• [Provided records]
____
Lemma char_poly_diag_mx p (s : 'rV[C]_p) :
  char_poly (diag_mx s) = \prod_(i < p) ('X - (s 0 i)%:P).
Proof.
rewrite char_poly_trig ?diag_mx_is_trig //.
by apply: eq_bigr => i _; rewrite mxE eqxx mulr1n.
Qed.

Lemma hermitian_spectral p (H : 'M[C]_p) : ctmx H = H ->
  exists U : 'M_p, exists s : 'rV_p,
    [/\ U *m ctmx U = 1%:M, forall i, s 0 i \is Num.real & H = ctmx U *m diag_mx s *m U].
Proof.
move=> hH; have H_normal : H \is normalmx by apply/normalmxP; rewrite -ctmxE hH.
have eH := orthomx_spectralP H_normal.
rewrite invmx_unitary ?spectral_unitarymx // -ctmxE in eH.
set U := spectralmx H in eH; set s := spectral_diag H in eH.
have hU : U *m ctmx U = 1%:M by rewrite ctmxE; apply/unitarymxP/spectral_unitarymx.
exists U, s; split => // i.
have eD : diag_mx s = U *m H *m ctmx U.
  by rewrite eH !mulmxA hU mul1mx -mulmxA hU mulmx1.
have /matrixP/(_ i i) : ctmx (diag_mx s) = diag_mx s.
  by rewrite eD !ctmxM ctmxK hH mulmxA.
by rewrite !mxE eqxx !mulr1n => /CrealP.
Qed.

Lemma diag_mx_unitarily_similar p (s1 s2 : 'rV[C]_p) :
  \prod_(i < p) ('X - (s1 0 i)%:P) = \prod_(i < p) ('X - (s2 0 i)%:P) ->
  exists Q : 'M[C]_p, Q *m ctmx Q = 1%:M /\ diag_mx s1 = Q *m diag_mx s2 *m ctmx Q.
Proof.
move=> e; pose t1 := [tuple s1 0 i | i < p]; pose t2 := [tuple s2 0 i | i < p].
have /tuple_permP[sg t1_sg] : perm_eq t1 t2.
  apply: prod_XsubC_eq; rewrite !big_tuple.
  by under eq_bigr do rewrite tnth_mktuple; under [RHS]eq_bigr do rewrite tnth_mktuple.
have s1_sg i : s1 0 i = s2 0 (sg i).
  by have := congr1 (fun t => tnth t i) (val_inj t1_sg); rewrite /= !tnth_mktuple.
have ctmx_perm : ctmx (perm_mx sg : 'M[C]_p) = perm_mx sg^-1.
  by rewrite /ctmx (map_perm_mx conjC) tr_perm_mx.
exists (perm_mx sg); rewrite ctmx_perm -perm_mxM mulgV perm_mx1; split=> //.
rewrite -row_permE -col_permE; apply/matrixP => i j.
by rewrite !mxE s1_sg (inj_eq perm_inj).
Qed.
____
• [Exercise description] Beginning at the line above with "exists U, s; split => // i." and finishing at the line with "move=> e; pose", return each line exactly and return nothing else.

• [Output]
exists U, s; split => // i.
have eD : diag_mx s = U *m H *m ctmx U.
  by rewrite eH !mulmxA hU mul1mx -mulmxA hU mulmx1.
have /matrixP/(_ i i) : ctmx (diag_mx s) = diag_mx s.
  by rewrite eD !ctmxM ctmxK hH mulmxA.
by rewrite !mxE eqxx !mulr1n => /CrealP.
Qed.

Lemma diag_mx_unitarily_similar p (s1 s2 : 'rV[C]_p) :
  \prod_(i < p) ('X - (s1 0 i)%:P) = \prod_(i < p) ('X - (s2 0 i)%:P) ->
  exists Q : 'M[C]_p, Q *m ctmx Q = 1%:M /\ diag_mx s1 = Q *m diag_mx s2 *m ctmx Q.
Proof.
move=> e; pose t1 := [tuple s1 0 i | i < p]; pose t2 := [tuple s2 0 i | i < p].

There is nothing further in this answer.